Des Matisse pour faire rêver les détenus de Maubeuge
Les œuvres ont été prêtées par le Musée départemental du Cateau-Cambrésis et sa conservatrice, Dominique Szymusiak, est venue les présenter devant une trentaine de détenus réunis dans le gymnase de la prison.
Elle raconte comment l’artiste français a inventé la technique des papiers gouachés, découpés et collés pour représenter des scènes joyeuses de cirque, de fête, de contes et de lagons tahitiens, aux timbres vifs et violents, qui contrastent avec les murs gris de la prison.
Matisse nourrit le rêve
"Regardez cette scène de cirque ! Cette forme noire qui semble en mouvement, c'est l'acrobate. Et là, Icare, qui tombe dans la nuit étoilée, comme un grand oiseau, en apesanteur", lance Dominique Szymusiak. "Matisse laisse tomber ses pinceaux et peint avec des ciseaux, en découpant des morceaux de couleurs. Jamais un artiste n'a été aussi loin dans la couleur: il restitue le plus beau bleu, le plus beau blanc", s'exlame-t-elle.
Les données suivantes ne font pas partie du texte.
Lemma quad_conj_base c : K c -> conj c c.
Proof.
move=> Kc; exists c, 0; rewrite mul0r addr0 subr0.
by split=> //; apply: (numfield0 HK).
Qed.

Lemma quad_conj_ext x y : conj x y -> L x.
Proof. by case=> a [b] [Ka Kb -> _]; exists a, b. Qed.

Lemma quad_ext_conj x : L x -> exists y, conj x y.
Proof. by case=> a [b] [Ka Kb ->]; exists (a - b * r), a, b. Qed.

Lemma quad_conj_sym x y : conj x y -> conj y x.
Proof.
case=> a [b] [Ka Kb -> ->]; exists a, (- b).
by rewrite mulNr opprK; split=> //; apply: (numfieldN HK).
Qed.

Lemma quad_conjD x x' y y' : conj x x' -> conj y y' -> conj (x + y) (x' + y').
Proof.
case=> a [b] [Ka Kb -> ->]; case=> c [d] [Kc Kd -> ->].
by exists (a + c), (b + d); split; [exact: (numfieldD HK) | exact: (numfieldD HK) | ring | ring].
Qed.

Lemma quad_conjM x x' y y' : conj x x' -> conj y y' -> conj (x * y) (x' * y').
Proof.
case=> a [b] [Ka Kb -> ->]; case=> c [d] [Kc Kd -> ->].
exists (a * c + b * d * r ^+ 2), (a * d + b * c); split; try ring.
- by apply: (numfieldD HK); apply: (numfieldM HK) => //; apply: (numfieldM HK).
- by apply: (numfieldD HK); apply: (numfieldM HK).
Qed.

Lemma quad_conjX x y n : conj x y -> conj (x ^+ n) (y ^+ n).
Proof.
move=> Cxy; elim: n => [|n IHn].
  by rewrite !expr0; apply: quad_conj_base; apply: (numfield1 HK).
by rewrite !exprS; apply: quad_conjM.
Qed.

Lemma quad_conj_sum (I : Type) (s : seq I) (P : pred I) (F G : I -> algC) :
  (forall i, P i -> conj (F i) (G i)) ->
  conj (\sum_(i <- s | P i) F i) (\sum_(i <- s | P i) G i).
Proof.
move=> CFG; elim: s => [|i s IHs].
  by rewrite !big_nil; apply: quad_conj_base; apply: (numfield0 HK).
by rewrite !big_cons; case: ifP => Pi //; apply: quad_conjD (CFG _ Pi) IHs.
Qed.

Lemma quad_conj_trace x y : conj x y -> K (x + y).
Proof.
case=> a [b] [Ka Kb -> ->].
have -> : a + b * r + (a - b * r) = a + a by ring.
by apply: (numfieldD HK).
Qed.

Lemma quad_conj_norm x y : conj x y -> K (x * y).
Proof.
case=> a [b] [Ka Kb -> ->].
have -> : (a + b * r) * (a - b * r) = a * a - b * b * r ^+ 2 by ring.
by apply: (numfieldB HK); apply: (numfieldM HK) => //; apply: (numfieldM HK).
Qed.

(* Since r is not in K, the coordinates (a, b) of x = a + b r are unique. *)
Lemma quad_conj_fun x y z : conj x y -> conj x z -> y = z.
Proof.
case=> a [b] [Ka Kb -> ->]; case=> c [d] [Kc Kd Eac ->].
have [bd|nbd] := eqVneq b d; first by rewrite -bd in Eac *; rewrite (addIr _ Eac).
exfalso; apply: r_notin_K.
have -> : r = (c - a) / (b - d).
  apply: (mulIf (_ : b - d != 0)); first by rewrite subr_eq0.
  by rewrite divfK ?subr_eq0 // [c](canRL (addrK (d * r)) (esym Eac)); ring.
by apply: (numfield_div HK); apply: (numfieldB HK).
Qed.

Lemma quad_conj0 y : conj 0 y -> y = 0.
Proof. by move/quad_conj_fun; apply; apply: quad_conj_base; apply: (numfield0 HK). Qed.

(* sigma fixes the integer coefficients of the minimal polynomial of x. *)
Lemma quad_conj_Aint x y : conj x y -> x \in Aint -> y \in Aint.
Proof.
move=> Cxy Ax; apply: (@root_monic_Aint (minCpoly x)) => //; last exact: minCpoly_monic.
have : conj (minCpoly x).[x] (minCpoly x).[y].
  rewrite !horner_coef; apply: quad_conj_sum => i _; apply: quad_conjM; last exact: quad_conjX.
  by apply: quad_conj_base; apply: (numfield_int HK) => //; apply: polyOverP.
by rewrite (eqP (root_minCpoly x)) => /quad_conj0 y0; rewrite /root y0.
Qed.

Lemma quad_ext_base x : K x -> L x.
Proof. by move/quad_conj_base/quad_conj_ext. Qed.

Lemma quad_extD x y : L x -> L y -> L (x + y).
Proof.
by move=> /quad_ext_conj [x' Cx] /quad_ext_conj [y' Cy]; apply: quad_conj_ext (quad_conjD Cx Cy).
Qed.

Lemma quad_extM x y : L x -> L y -> L (x * y).
Proof.
by move=> /quad_ext_conj [x' Cx] /quad_ext_conj [y' Cy]; apply: quad_conj_ext (quad_conjM Cx Cy).
Qed.

Local Notation OL := (ring_of_integers L).
Local Notation OK := (ring_of_integers K).

Lemma ints1 : OL 1.
Proof. by split; [apply: quad_ext_base; apply: (numfield1 HK) | apply: rpred1]. Qed.

Lemma intsM x y : OL x -> OL y -> OL (x * y).
Proof. by case=> Lx Ax [Ly Ay]; split; [apply: quad_extM | apply: rpredM]. Qed.

Lemma ints_conj y y' : OL y -> conj y y' -> OL y'.
Proof.
by case=> Ly Ay Cy; split; [apply: quad_conj_ext (quad_conj_sym Cy) | apply: quad_conj_Aint Cy Ay].
Qed.

Lemma ints_trace y y' : OL y -> conj y y' -> OK (y + y').
Proof.
move=> Oy Cy; split; first exact: quad_conj_trace Cy.
by apply: rpredD; [case: Oy | case: (ints_conj Oy Cy)].
Qed.

Lemma ints_norm y y' : OL y -> conj y y' -> OK (y * y').
Proof.
move=> Oy Cy; split; first exact: quad_conj_norm Cy.
by apply: rpredM; [case: Oy | case: (ints_conj Oy Cy)].
Qed.

End QuadraticConjugation.

Section IdealProduct.
Variables A B : algC -> Prop.

Lemma ideal_mul0 : ideal_mul A B 0.
Proof. by exists [::]; rewrite big_nil. Qed.

Lemma ideal_mulD x y : ideal_mul A B x -> ideal_mul A B y -> ideal_mul A B (x + y).
Proof.
case=> s [ABs ->] [t [ABt ->]]; exists (s ++ t); split; last by rewrite big_cat.
by move=> p; rewrite mem_cat => /orP [] ?; [apply: ABs | apply: ABt].
Qed.

Lemma ideal_mul_pair x y : A x -> B y -> ideal_mul A B (x * y).
Proof.
move=> Ax By; exists [:: (x, y)]; split; last by rewrite big_seq1.
by move=> p; rewrite inE => /eqP ->.
Qed.

Lemma ideal_mul_ind (P : algC -> Prop) : P 0 ->
    (forall x y z, A x -> B y -> ideal_mul A B z -> P z -> P (x * y + z)) ->
  forall z, ideal_mul A B z -> P z.
Proof.
move=> P0 PS z [s [ABs ->]]; elim: s ABs => [|p s IHs] ABs; first by rewrite big_nil.
have ABs' q : q \in s -> A q.1 /\ B q.2 by move=> sq; apply: ABs; rewrite inE sq orbT.
have [Ap Bp] := ABs p (mem_head _ _).
by rewrite big_cons; apply: PS (IHs ABs'); last exists s.
Qed.

Lemma ideal_mulMl (R : algC -> Prop) c z :
    (forall c x, R c -> A x -> A (c * x)) -> R c ->
  ideal_mul A B z -> ideal_mul A B (c * z).
Proof.
move=> RA Rc; move: z; apply: ideal_mul_ind => [|x y z Ax By _ IHz].
  by rewrite mulr0; apply: ideal_mul0.
by rewrite mulrDr mulrA; apply: ideal_mulD IHz; apply: ideal_mul_pair By; apply: RA.
Qed.

Lemma ideal_mulMr (R : algC -> Prop) c z :
    (forall c y, R c -> B y -> B (c * y)) -> R c ->
  ideal_mul A B z -> ideal_mul A B (c * z).
Proof.
move=> RB Rc; move: z; apply: ideal_mul_ind => [|x y z Ax By _ IHz].
  by rewrite mulr0; apply: ideal_mul0.
by rewrite mulrDr mulrCA; apply: ideal_mulD IHz; apply: ideal_mul_pair Ax _; apply: RB.
Qed.

End IdealProduct.

Definition scale_ideal (t : algC) (I : algC -> Prop) : algC -> Prop :=
  fun x => exists2 y, I y & x = t * y.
Mais surtout, poursuit la conservatrice, "Matisse est là pour vous donner envie de rêver. Il vient nourrir le rêve, après c'est à vous de partir dans votre imaginaire".
"Le rêve, c'est l'espoir !" lui répond un détenu enthousiaste.
Un détenu : « Je m’évade dans ma tête »
"Ce qui est bien avec Matisse, c'est qu'il a beaucoup d'imagination", pour Hamid, emprisonné "pour un petit moment" encore. Il dit en avoir "besoin: je m'évade dans ma tête, ça me transforme et me permet d'aller de l'avant".
"L'art, c'est la liberté", assure Dominique Szymusiak. "Il ouvre les portes de l'imaginaire, de la créativité. Matisse a voulu faire connaître un peu de la fraîche beauté du monde, selon ses propres mots. Il apporte de la joie, du bonheur. Alors allez-y, prenez-le !" lance-t-elle, avant de distribuer aux détenus des cartes postales reproduisant les oeuvres.
Un monde à découvrir
"A la base, les musées, ce n'est pas mon truc. Mais j'ai trouvé ça très beau: Matisse nous a fait entrer dans son univers, nous a permis de rêver. Je ne regarderai plus un tableau de la même façon", se réjouit Eric, 47 ans. Il prendra le temps d'aller au musée à sa sortie: "Il y a tout un monde à découvrir."
Francine Auger-Rey, qui anime depuis juin 2010 un atelier radio avec les détenus, approuve. "Il faut que les détenus puissent voir des oeuvres. Cela fait appel à ce qui est inaliénable en eux: la liberté intérieure. C'est avec elle que nous voulons entrer en contact. Grâce à elle, vous n'êtes pas seul, quelle que soit la situation d'oppression", souligne-t-elle.
Jusqu'au 27 septembre, les quelque 500 détenus de la prison de Maubeuge pourront admirer les vingt planches issues du livre "Jazz", illustré par Matisse entre 1943 et 1944, et publié par son ami et éditeur d'art Tériade en 1947. Fait inédit, ce sont les originaux qui sont exposés. "L'endroit est particulièrement sûr", sourit Dominique Szymusiak.